## Task brief
Using the records below, write out again exactly the lines that begin at the line containing "have Ay j : (if" and end at the line containing "move=> Gf Gg;", and no other lines.

[Stored data]
▬▬▬
(* Let $p\neq 2$ be a prime and $G=Z_{p^{\lambda_1}}\times\cdots\times Z_{p^{\lambda_n}}$ with $0<\lambda_1<\cdots<\lambda_n$. The join-irreducible elements of $\mathrm{Char}(G)$ are precisely the subgroups $J(i,j)$ for $i\in\{1,\dots,n\}$, $j\in\{1,\dots,\lambda_i\}$.
   Context: $\mathrm{Char}(G)$ is the lattice of characteristic subgroups of $G$; an element of a finite lattice is join-irreducible if it is not the bottom element and is not the join of two elements each strictly below it. Tuples are ordered componentwise; for $\mathbf 0\le\mathbf a\le(\lambda_1,\dots,\lambda_n)$, $T(\mathbf a)$ is the set of $(g_1,\dots,g_n)\in G$ with $|g_i|=p^{a_i}$, and $R(\mathbf a)=\bigcup_{\mathbf b\le\mathbf a}T(\mathbf b)$. For $i\in\{1,\dots,n\}$ and $j\in\{1,\dots,\lambda_i\}$, $J(i,j)=R(\mathbf a)$ where $a_k=j$ for $k\ge i$ and $a_k=\max\{0,\,j-(\lambda_i-\lambda_k)\}$ for $k<i$. *)

From HB Require Import structures.
From mathcomp Require Import all_boot all_order all_fingroup.
Set Implicit Arguments. Unset Strict Implicit. Unset Printing Implicit Defensive.

(* G = Z_{p^l_1} x ... x Z_{p^l_n} is presented as an internal direct product
   G = <[x 0]> x ... x <[x (n-1)]> with #[x i] = p ^ l i; an element
   g = \prod_i y i (y i \in <[x i]>) is the tuple (y 0, ..., y (n-1)). *)

Section Defs.
Variable gT : finGroupType.
Local Open Scope group_scope.

Definition Tset (n p : nat) (x : 'I_n -> gT) (b : 'I_n -> nat) : {set gT} :=
  [set g | [exists y : {ffun 'I_n -> gT},
     [forall i, (y i \in <[x i]>) && (#[y i] == p ^ b i)%N]
     && (g == \prod_(i < n) y i)]].

Definition Rset (n p : nat) (x : 'I_n -> gT) (a : 'I_n -> nat) : {set gT} :=
  \bigcup_(b : {ffun 'I_n -> 'I_((\max_(k < n) a k).+1)} | [forall k, (b k <= a k)%N])
     Tset p x (fun k => nat_of_ord (b k)).

(* J(i,j) = R(a), a_k = j for k >= i, a_k = max(0, j - (l_i - l_k)) for k < i
   (nat truncated subtraction realizes the max with 0). *)
Definition Jset (n p : nat) (x : 'I_n -> gT) (l : 'I_n -> nat) (i : 'I_n) (j : nat)
  : {set gT} :=
  Rset p x (fun k => if (i <= k)%N then j else (j - (l i - l k))%N).

(* Join-irreducible elements of the lattice Char(G) of characteristic subgroups
   (bottom = trivial subgroup, join of K and L = K <*> L, which is characteristic). *)
Definition char_join_irreducible (G H : {group gT}) : Prop :=
  H \char G /\ H :!=: 1 /\
  ~ (exists K L : {group gT},
       [/\ K \char G, L \char G, K \proper H, L \proper H & (H :=: K <*> L)]).
End Defs.

(* A characteristic subgroup K of the abelian group G is stable under every map
   g |-> g * f (g_i) that is an automorphism of G, where g_i is the i-th coordinate
   of g and f is a homomorphism.  Taking f = id (an automorphism since p is odd)
   shows that K is closed under taking coordinates; taking f : <[x i]> -> <[x k]>
   with k != i shows that x_i^m in K forces w^m in K for every w in <[x k]> of order
   dividing #[x i].  Hence J(i,j) = Mho^(l_i - j)(G) :&: Ohm_j(G) is characteristic
   and is contained in every characteristic subgroup containing an element of
   <[x i]> of order at least p^j.  A characteristic subgroup is thus the join of
   the J(k,s) below it, so a join-irreducible one is some J(k,s).  Conversely, if
   J(i,j) = K L and x_i^(p^(l_i - j)) = a b with a in K, b in L, then the i-th
   coordinate of a or of b has order at least p^j, so J(i,j) lies in K or in L. *)

From HB Require Import structures.
From mathcomp Require Import all_boot all_order all_fingroup all_solvable.
From mathcomp Require Import zify.
Set Implicit Arguments. Unset Strict Implicit. Unset Printing Implicit Defensive.

Local Open Scope group_scope.

Lemma abelian_bigdprod (gT : finGroupType) (I : Type) (r : seq I) (P : pred I)
    (A : I -> {group gT}) (G : {group gT}) :
  (forall i, P i -> abelian (A i)) -> \big[dprod/1]_(i <- r | P i) A i = G -> abelian G.
Proof.
move=> cAA; elim/big_rec: _ G => [G <-|i B Pi IH G /dprodP[[K L defK defL] <- cKL _]].
  exact: abelian1.
by rewrite defL in cKL *; rewrite abelianM cAA // IH.
Qed.

Lemma char_shear (gT : finGroupType) (G K : {group gT}) (f : gT -> gT) :
    abelian G -> {in G, forall g, f g \in G} -> {in G &, {morph f : a b / a * b}} ->
    {in G, forall g, g * f g = 1 -> g = 1} ->
  K \char G -> {in K, forall g, f g \in K}.
Proof.
move=> cGG Gf fM f_inj /charP[sKG chK] g Kg.
have shearM : {in G &, {morph (fun g => g * f g) : a b / a * b}}.
  move=> a b Ga Gb /=; rewrite fM // -!mulgA; congr (_ * _).
  by rewrite !mulgA; congr (_ * _); apply: (centsP cGG); rewrite ?Gf.
pose sh := Morphism shearM.
have inj_sh : 'injm sh.
  apply/subsetP=> a /morphpreP[Ga /set1P sha1]; apply/set1P; exact: f_inj.
have im_sh : sh @* G = G.
  apply/eqP; rewrite eqEcard card_injm // leqnn andbT.
  by apply/subsetP=> _ /morphimP[a Ga _ ->]; rewrite /= groupM ?Gf.
have : sh g \in K by rewrite -(chK sh inj_sh im_sh) mem_morphim // (subsetP sKG).
by rewrite /= -{2}(mulKg g (f g)) => /(groupM (groupVr Kg)).
Qed.

Section Coordinates.
Variables (gT : finGroupType) (n : nat) (A : 'I_n -> {group gT}) (G : {group gT}).
Hypotheses (defG : \big[dprod/1]_(i < n) A i = G) (cAA : forall i, abelian (A i)).

(* Outside G the coordinates are junk (constantly 1). *)
Definition coord (g : gT) : {ffun 'I_n -> gT} :=
  odflt [ffun=> 1] [pick c : {ffun 'I_n -> gT} |
     [forall i, c i \in A i] && (g == \prod_(i < n) c i)].

Lemma abelian_coord_group : abelian G.
Proof. exact: abelian_bigdprod defG. Qed.

Lemma factor_sub i : A i \subset G.
Proof.
move: defG; rewrite (bigD1 i) //= => /dprodP[[K L defK defL] <- _ _].
by rewrite defL mulG_subl.
Qed.

Lemma mem_prod_factors (c : 'I_n -> gT) :
  (forall i, c i \in A i) -> \prod_(i < n) c i \in G.
Proof. by move=> Ac; rewrite -(bigdprodW defG); apply: mem_prodg. Qed.

Lemma coordP g : g \in G ->
  (forall i, coord g i \in A i) /\ \prod_(i < n) coord g i = g.
Proof.
move=> Gg; rewrite /coord; case: pickP => [c /andP[/forallP Ac /eqP ->] //| none].
have [c [Ac def _]] := mem_bigdprod defG Gg.
suff: false by [].
rewrite -(none [ffun i => c i]); apply/andP; split.
  by apply/forallP=> i; rewrite ffunE; apply: Ac.
by apply/eqP; rewrite def; apply: eq_bigr => i _; rewrite ffunE.
Qed.

Lemma coord_mem g i : g \in G -> coord g i \in A i.
Proof. by case/coordP. Qed.

Lemma coord_group g i : g \in G -> coord g i \in G.
Proof. by move=> Gg; apply: subsetP (factor_sub i) _ (coord_mem i Gg). Qed.

Lemma prod_coord g : g \in G -> \prod_(i < n) coord g i = g.
Proof. by case/coordP. Qed.

Lemma eq_coord g h : g \in G -> h \in G -> (forall i, coord g i = coord h i) -> g = h.
Proof.
move=> Gg Gh eq_gh; rewrite -(prod_coord Gg) -(prod_coord Gh).
by apply: eq_bigr => i _.
Qed.

Lemma coord_prod (c : 'I_n -> gT) i :
  (forall i, c i \in A i) -> coord (\prod_(i < n) c i) i = c i.
Proof.
move=> Ac; have Gc := mem_prod_factors Ac.
have [c' [_ _ uniq_c]] := mem_bigdprod defG Gc.
have [Ac' /esym def_c] := coordP Gc.
by rewrite (uniq_c c (fun j _ => Ac j)) // (uniq_c _ (fun j _ => Ac' j) def_c).
Qed.

Lemma coord_factor k y i : y \in A k -> coord y i = if i == k then y else 1.
Proof.
move=> Aky.
have Ay j : (if j == k then y else 1) \in A j by case: eqP => [->|]; rewrite ?group1.
by rewrite -(coord_prod i Ay) -big_mkcond big_pred1_eq.
Qed.

Lemma coord1 i : coord 1 i = 1.
Proof. by rewrite (coord_factor i (group1 (A i))) if_same. Qed.

Lemma prodgM (f g : 'I_n -> gT) : (forall i, f i \in G) -> (forall i, g i \in G) ->
  \prod_(i < n) (f i * g i) = (\prod_(i < n) f i) * \prod_(i < n) g i.
Proof.
move=> Gf Gg; have cGG := abelian_coord_group.
suff [] : (\prod_(i < n) (f i * g i) = (\prod_(i < n) f i) * \prod_(i < n) g i)
   /\ (\prod_(i < n) f i \in G /\ \prod_(i < n) g i \in G) by [].
elim/big_rec3: _ => [|i a b c _ [-> [Gb Gc]]]; first by rewrite mulg1 !group1.
split; last by rewrite !groupM.
rewrite -!mulgA; congr (_ * _); rewrite !mulgA; congr (_ * _).
exact: (centsP cGG).
Qed.

Lemma coordM g h i : g \in G -> h \in G -> coord (g * h) i = coord g i * coord h i.
Proof.
move=> Gg Gh; pose c j := coord g j * coord h j.
have Ac j : c j \in A j by rewrite groupM ?coord_mem.
rewrite -[RHS]/(c i) -(coord_prod i Ac) prodgM ?prod_coord // => j;
  exact: coord_group.
Qed.

Lemma coordX g m i : g \in G -> coord (g ^+ m) i = coord g i ^+ m.
Proof.
move=> Gg; elim: m => [|m IHm]; first by rewrite !expg0 coord1.
by rewrite !expgS coordM ?groupX // IHm.
Qed.

Lemma char_coord (K : {group gT}) i :
  odd #|G| -> K \char G -> {in K, forall g, coord g i \in K}.
Proof.
move=> oddG; apply: char_shear; first exact: abelian_coord_group.
- by move=> g; apply: coord_group.
- by move=> g h; apply: coordM.
move=> g Gg /[dup] gi1 /(congr1 (fun u => coord u i)).
rewrite coordM ?coord_group // (coord_factor i (coord_mem i Gg)) eqxx coord1 => ci2.
suff ci1 : coord g i = 1 by rewrite ci1 mulg1 in gi1.
apply/eqP; rewrite -order_eq1.
have odd_ci : odd #[coord g i] by apply: dvdn_odd oddG; rewrite order_dvdG ?coord_group.
have : #[coord g i] %| 2 by rewrite order_dvdn expg2 ci2.
move/(dvdn_leq (isT : 0 < 2)); case: #[_] odd_ci (order_gt0 (coord g i)) => [|[|[|m]]] //.
Qed.

Lemma char_coord_morph (K : {group gT}) (i k : 'I_n) (phi : {morphism A i >-> gT}) :
    k != i -> phi @* A i \subset A k ->
  K \char G -> {in K, forall g, phi (coord g i) \in K}.
Proof.
move=> nki phiAk; have phiA g : g \in G -> phi (coord g i) \in A k.
  by move=> Gg; rewrite (subsetP phiAk) ?mem_morphim ?coord_mem.
apply: char_shear; first exact: abelian_coord_group.
- by move=> g /phiA; apply: (subsetP (factor_sub k)).
- by move=> g h Gg Gh /=; rewrite coordM // morphM ?coord_mem.
move=> g Gg /[dup] g1 /(congr1 (fun u => coord u i)).
have Gphi : phi (coord g i) \in G by apply: (subsetP (factor_sub k)); apply: phiA.
rewrite coordM // (coord_factor i (phiA g Gg)) eq_sym (negbTE nki) mulg1 coord1 => ci1.
by rewrite ci1 morph1 mulg1 in g1.
Qed.

End Coordinates.

Section PowerOfPrimeOrder.
Variables (gT : finGroupType) (p : nat).
Hypothesis pr_p : prime p.

Lemma p_elt_order (y : gT) : p.-elt y -> #[y] = (p ^ logn p #[y])%N.
Proof. by move=> py; rewrite -p_part part_pnat_id. Qed.

Lemma p_elt_expg_eq1 (y : gT) u : p.-elt y -> (y ^+ (p ^ u) == 1) = (logn p #[y] <= u).
Proof.
by move=> py; rewrite -order_dvdn [X in X %| _](p_elt_order py) dvdn_Pexp2l ?prime_gt1.
Qed.

Lemma cycle_mem_p_elt (x y z : gT) : p.-elt x -> y \in <[x]> -> z \in <[x]> ->
  (z \in <[y]>) = (logn p #[z] <= logn p #[y]).
Proof.
move=> px xy xz; have pz := mem_p_elt px xz; have py := mem_p_elt px xy.
rewrite -cycle_subG -(cardSg_cyclic (cycle_cyclic x)) ?cycle_subG // -!orderE.
rewrite [X in X %| _](p_elt_order pz) [X in _ %| X](p_elt_order py).
by rewrite dvdn_Pexp2l ?prime_gt1.
Qed.

Lemma logn_order_expg (x : gT) l m : #[x] = (p ^ l)%N -> logn p #[x ^+ (p ^ m)] = l - m.
Proof. by move/(orderXexp m) ->; rewrite pfactorK. Qed.

Lemma logn_order_mul (a b : gT) : commute a b -> p.-elt a -> p.-elt b ->
  logn p #[a * b] <= maxn (logn p #[a]) (logn p #[b]).
Proof.
move=> cab pa pb; set u := maxn _ _.
have /eqP au : a ^+ (p ^ u) == 1 by rewrite p_elt_expg_eq1 ?leq_maxl.
have /eqP bu : b ^+ (p ^ u) == 1 by rewrite p_elt_expg_eq1 ?leq_maxr.
by rewrite -(p_elt_expg_eq1 _ (p_eltM cab pa pb)) expgMn // au bu mulg1.
Qed.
▬▬▬
## Response to this exercise
have Ay j : (if j == k then y else 1) \in A j by case: eqP => [->|]; rewrite ?group1.
by rewrite -(coord_prod i Ay) -big_mkcond big_pred1_eq.
Qed.

Lemma coord1 i : coord 1 i = 1.
Proof. by rewrite (coord_factor i (group1 (A i))) if_same. Qed.

Lemma prodgM (f g : 'I_n -> gT) : (forall i, f i \in G) -> (forall i, g i \in G) ->
  \prod_(i < n) (f i * g i) = (\prod_(i < n) f i) * \prod_(i < n) g i.
Proof.
move=> Gf Gg; have cGG := abelian_coord_group.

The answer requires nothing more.